- Your instructions: Among the entries below, find each line holding "disjAN" and return it.

### Dataset

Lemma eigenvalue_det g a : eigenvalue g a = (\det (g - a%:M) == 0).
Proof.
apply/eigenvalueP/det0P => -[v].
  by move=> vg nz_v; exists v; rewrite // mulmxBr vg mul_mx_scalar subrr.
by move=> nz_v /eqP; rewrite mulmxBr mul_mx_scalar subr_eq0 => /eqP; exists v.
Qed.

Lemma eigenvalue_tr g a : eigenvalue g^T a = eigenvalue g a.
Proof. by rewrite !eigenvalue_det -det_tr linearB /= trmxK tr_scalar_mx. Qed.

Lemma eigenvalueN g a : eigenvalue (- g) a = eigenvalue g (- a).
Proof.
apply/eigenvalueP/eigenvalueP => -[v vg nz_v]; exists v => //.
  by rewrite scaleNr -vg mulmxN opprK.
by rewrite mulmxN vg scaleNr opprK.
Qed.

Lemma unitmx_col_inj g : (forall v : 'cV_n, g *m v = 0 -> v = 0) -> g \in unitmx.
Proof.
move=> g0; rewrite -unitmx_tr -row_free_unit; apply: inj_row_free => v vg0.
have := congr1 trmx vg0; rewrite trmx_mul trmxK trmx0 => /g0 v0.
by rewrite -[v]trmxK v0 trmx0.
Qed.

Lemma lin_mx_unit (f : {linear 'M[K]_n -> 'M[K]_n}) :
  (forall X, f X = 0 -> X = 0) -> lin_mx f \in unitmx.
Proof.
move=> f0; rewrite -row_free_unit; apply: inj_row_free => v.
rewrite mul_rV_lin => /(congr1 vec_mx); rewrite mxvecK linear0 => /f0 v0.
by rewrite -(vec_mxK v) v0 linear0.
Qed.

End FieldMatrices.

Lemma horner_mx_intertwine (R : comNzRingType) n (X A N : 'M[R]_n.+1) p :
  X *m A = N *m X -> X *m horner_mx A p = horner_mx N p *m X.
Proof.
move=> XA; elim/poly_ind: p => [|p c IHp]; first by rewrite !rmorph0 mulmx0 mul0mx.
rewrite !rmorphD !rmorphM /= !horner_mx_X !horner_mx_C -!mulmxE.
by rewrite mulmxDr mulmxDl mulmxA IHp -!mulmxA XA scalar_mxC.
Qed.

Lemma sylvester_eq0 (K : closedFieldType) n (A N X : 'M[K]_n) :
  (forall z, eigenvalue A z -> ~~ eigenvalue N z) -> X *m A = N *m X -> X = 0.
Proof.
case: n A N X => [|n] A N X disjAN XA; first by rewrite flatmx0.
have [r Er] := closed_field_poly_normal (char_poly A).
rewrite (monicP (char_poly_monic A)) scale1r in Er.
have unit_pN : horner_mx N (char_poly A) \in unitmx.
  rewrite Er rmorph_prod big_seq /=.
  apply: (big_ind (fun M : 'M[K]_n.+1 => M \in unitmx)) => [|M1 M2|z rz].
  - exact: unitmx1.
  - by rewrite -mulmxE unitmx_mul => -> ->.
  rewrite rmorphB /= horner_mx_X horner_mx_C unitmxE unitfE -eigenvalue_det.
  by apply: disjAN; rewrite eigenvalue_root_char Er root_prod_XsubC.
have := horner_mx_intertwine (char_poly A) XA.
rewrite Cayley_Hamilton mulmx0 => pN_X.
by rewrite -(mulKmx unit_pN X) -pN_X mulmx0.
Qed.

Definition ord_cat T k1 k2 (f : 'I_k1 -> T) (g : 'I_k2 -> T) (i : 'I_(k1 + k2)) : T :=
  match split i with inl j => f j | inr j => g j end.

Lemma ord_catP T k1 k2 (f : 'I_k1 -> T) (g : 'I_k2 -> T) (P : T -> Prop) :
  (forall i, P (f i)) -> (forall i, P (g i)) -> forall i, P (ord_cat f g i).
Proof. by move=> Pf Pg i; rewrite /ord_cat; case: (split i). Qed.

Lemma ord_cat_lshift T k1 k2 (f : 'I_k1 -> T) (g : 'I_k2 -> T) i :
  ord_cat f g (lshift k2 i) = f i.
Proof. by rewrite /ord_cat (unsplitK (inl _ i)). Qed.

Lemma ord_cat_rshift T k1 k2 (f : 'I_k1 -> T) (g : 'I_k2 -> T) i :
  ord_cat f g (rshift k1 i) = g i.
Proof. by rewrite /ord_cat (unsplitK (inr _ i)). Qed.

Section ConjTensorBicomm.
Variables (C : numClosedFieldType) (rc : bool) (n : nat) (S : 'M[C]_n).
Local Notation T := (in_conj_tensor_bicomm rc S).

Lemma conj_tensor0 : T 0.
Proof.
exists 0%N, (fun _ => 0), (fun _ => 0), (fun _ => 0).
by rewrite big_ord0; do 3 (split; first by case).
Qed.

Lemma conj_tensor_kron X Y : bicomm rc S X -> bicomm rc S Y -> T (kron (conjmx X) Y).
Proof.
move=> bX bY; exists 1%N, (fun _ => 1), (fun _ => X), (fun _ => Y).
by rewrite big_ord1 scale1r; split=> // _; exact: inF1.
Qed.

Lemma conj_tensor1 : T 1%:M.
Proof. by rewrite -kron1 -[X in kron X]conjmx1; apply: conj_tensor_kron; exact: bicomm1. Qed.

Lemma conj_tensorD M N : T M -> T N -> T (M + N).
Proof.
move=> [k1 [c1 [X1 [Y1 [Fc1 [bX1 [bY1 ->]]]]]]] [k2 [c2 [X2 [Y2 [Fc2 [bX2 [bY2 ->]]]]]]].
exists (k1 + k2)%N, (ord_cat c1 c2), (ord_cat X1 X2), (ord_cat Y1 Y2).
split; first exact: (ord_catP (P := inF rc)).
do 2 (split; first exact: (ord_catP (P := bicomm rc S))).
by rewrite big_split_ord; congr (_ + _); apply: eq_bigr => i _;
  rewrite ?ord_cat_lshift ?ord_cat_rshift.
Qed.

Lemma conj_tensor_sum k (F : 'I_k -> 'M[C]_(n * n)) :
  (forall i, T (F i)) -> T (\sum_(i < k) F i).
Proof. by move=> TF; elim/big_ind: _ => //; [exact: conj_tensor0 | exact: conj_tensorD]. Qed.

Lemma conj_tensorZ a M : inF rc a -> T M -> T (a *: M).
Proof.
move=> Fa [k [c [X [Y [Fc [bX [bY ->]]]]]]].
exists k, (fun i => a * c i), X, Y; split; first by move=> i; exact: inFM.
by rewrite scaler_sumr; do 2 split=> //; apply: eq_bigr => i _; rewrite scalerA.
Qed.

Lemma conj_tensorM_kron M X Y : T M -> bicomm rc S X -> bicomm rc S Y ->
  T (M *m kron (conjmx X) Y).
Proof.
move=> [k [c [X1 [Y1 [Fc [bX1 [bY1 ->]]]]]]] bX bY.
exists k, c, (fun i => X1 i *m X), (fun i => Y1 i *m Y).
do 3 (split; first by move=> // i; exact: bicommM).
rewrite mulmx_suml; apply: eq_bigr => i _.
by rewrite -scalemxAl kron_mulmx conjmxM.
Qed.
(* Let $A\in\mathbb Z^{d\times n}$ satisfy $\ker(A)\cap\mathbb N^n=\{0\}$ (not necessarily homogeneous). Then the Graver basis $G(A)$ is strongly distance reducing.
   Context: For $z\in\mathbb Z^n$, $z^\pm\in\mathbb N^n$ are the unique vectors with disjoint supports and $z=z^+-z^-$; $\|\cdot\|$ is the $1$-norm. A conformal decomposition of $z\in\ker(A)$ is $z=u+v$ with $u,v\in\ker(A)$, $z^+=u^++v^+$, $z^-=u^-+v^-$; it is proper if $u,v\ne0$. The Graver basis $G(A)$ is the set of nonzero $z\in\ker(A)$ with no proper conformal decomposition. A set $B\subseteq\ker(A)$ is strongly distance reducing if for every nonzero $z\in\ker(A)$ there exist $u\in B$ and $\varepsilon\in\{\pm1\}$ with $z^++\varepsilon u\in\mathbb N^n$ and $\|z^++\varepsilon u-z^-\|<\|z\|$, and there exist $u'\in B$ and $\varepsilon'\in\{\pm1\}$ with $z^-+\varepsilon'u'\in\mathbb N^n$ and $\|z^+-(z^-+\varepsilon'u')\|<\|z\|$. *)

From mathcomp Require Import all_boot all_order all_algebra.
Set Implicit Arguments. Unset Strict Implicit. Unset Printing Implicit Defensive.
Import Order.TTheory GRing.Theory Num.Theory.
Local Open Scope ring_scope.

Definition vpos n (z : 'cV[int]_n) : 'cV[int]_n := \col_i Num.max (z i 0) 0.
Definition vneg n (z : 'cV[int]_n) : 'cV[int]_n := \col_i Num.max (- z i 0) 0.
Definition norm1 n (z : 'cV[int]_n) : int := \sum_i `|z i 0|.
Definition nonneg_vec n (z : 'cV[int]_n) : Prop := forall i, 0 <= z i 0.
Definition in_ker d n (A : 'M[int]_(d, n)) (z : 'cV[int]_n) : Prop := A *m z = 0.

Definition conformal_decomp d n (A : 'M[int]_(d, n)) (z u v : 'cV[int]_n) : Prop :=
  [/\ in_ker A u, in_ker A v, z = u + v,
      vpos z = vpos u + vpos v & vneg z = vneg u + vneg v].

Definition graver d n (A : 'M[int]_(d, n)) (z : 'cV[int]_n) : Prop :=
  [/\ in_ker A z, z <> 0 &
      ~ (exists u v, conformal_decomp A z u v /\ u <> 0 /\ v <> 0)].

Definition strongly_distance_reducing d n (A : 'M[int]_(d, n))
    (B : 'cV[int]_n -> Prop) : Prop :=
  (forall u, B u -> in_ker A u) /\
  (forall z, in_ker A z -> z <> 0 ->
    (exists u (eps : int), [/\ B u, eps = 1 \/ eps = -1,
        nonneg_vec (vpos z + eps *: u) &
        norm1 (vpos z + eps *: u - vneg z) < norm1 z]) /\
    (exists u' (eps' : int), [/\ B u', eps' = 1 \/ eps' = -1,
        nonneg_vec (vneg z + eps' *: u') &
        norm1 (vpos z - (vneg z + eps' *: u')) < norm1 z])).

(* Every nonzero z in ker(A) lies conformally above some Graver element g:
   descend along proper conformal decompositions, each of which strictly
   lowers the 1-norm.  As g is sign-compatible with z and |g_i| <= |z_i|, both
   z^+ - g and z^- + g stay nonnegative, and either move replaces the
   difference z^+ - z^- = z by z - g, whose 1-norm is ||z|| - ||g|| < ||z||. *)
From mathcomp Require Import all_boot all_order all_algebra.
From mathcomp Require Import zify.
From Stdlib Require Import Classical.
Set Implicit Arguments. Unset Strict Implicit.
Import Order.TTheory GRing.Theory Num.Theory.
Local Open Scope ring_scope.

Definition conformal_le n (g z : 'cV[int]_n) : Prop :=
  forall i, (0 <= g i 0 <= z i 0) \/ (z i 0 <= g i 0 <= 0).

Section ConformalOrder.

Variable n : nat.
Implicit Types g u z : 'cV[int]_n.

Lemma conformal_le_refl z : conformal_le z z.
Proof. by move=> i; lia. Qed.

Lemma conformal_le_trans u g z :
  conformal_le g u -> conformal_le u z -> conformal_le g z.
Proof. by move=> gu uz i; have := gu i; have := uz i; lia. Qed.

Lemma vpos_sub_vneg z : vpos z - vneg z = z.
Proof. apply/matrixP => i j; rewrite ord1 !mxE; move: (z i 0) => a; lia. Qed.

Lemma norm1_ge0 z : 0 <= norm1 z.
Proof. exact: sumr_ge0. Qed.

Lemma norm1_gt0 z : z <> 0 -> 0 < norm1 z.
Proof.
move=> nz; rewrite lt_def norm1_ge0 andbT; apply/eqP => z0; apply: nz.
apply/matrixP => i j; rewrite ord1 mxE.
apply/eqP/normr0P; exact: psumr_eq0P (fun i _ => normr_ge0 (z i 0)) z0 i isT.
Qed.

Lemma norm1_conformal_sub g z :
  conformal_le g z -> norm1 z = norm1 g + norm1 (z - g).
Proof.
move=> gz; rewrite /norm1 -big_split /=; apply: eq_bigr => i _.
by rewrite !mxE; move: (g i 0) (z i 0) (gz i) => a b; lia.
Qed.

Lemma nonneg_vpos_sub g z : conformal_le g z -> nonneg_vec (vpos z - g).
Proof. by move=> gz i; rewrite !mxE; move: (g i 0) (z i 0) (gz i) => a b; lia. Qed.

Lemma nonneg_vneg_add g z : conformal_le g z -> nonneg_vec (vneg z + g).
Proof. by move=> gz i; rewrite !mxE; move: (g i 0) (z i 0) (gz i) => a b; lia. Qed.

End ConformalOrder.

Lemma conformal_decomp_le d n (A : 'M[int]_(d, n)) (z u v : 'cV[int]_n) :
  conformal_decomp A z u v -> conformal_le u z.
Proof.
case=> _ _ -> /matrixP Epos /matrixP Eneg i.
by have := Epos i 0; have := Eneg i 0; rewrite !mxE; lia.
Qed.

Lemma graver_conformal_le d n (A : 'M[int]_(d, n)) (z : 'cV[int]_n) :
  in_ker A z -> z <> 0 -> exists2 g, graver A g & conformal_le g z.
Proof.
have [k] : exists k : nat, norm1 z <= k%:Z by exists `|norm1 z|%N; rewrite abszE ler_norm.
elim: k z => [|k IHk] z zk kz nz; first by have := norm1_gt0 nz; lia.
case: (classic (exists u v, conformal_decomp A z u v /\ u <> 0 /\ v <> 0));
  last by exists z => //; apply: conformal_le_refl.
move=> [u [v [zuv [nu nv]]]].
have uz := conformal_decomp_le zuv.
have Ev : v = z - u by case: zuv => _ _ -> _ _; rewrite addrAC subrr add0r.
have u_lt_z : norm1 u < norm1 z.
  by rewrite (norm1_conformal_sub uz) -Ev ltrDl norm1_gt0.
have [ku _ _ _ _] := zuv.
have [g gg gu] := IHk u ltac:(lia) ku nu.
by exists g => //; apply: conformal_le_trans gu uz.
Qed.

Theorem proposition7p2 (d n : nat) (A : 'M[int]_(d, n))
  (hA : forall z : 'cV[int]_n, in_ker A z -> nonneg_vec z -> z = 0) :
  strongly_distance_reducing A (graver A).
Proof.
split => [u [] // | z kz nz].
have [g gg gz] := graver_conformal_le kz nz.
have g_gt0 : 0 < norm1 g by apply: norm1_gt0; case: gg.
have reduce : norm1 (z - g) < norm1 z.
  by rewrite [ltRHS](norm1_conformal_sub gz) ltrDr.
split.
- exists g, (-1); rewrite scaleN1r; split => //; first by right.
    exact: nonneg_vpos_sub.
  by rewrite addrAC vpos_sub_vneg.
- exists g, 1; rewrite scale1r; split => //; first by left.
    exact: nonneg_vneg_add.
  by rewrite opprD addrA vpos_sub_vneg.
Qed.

######

- Answer for this exercise:
case: n A N X => [|n] A N X disjAN XA; first by rewrite flatmx0.
  by apply: disjAN; rewrite eigenvalue_root_char Er root_prod_XsubC.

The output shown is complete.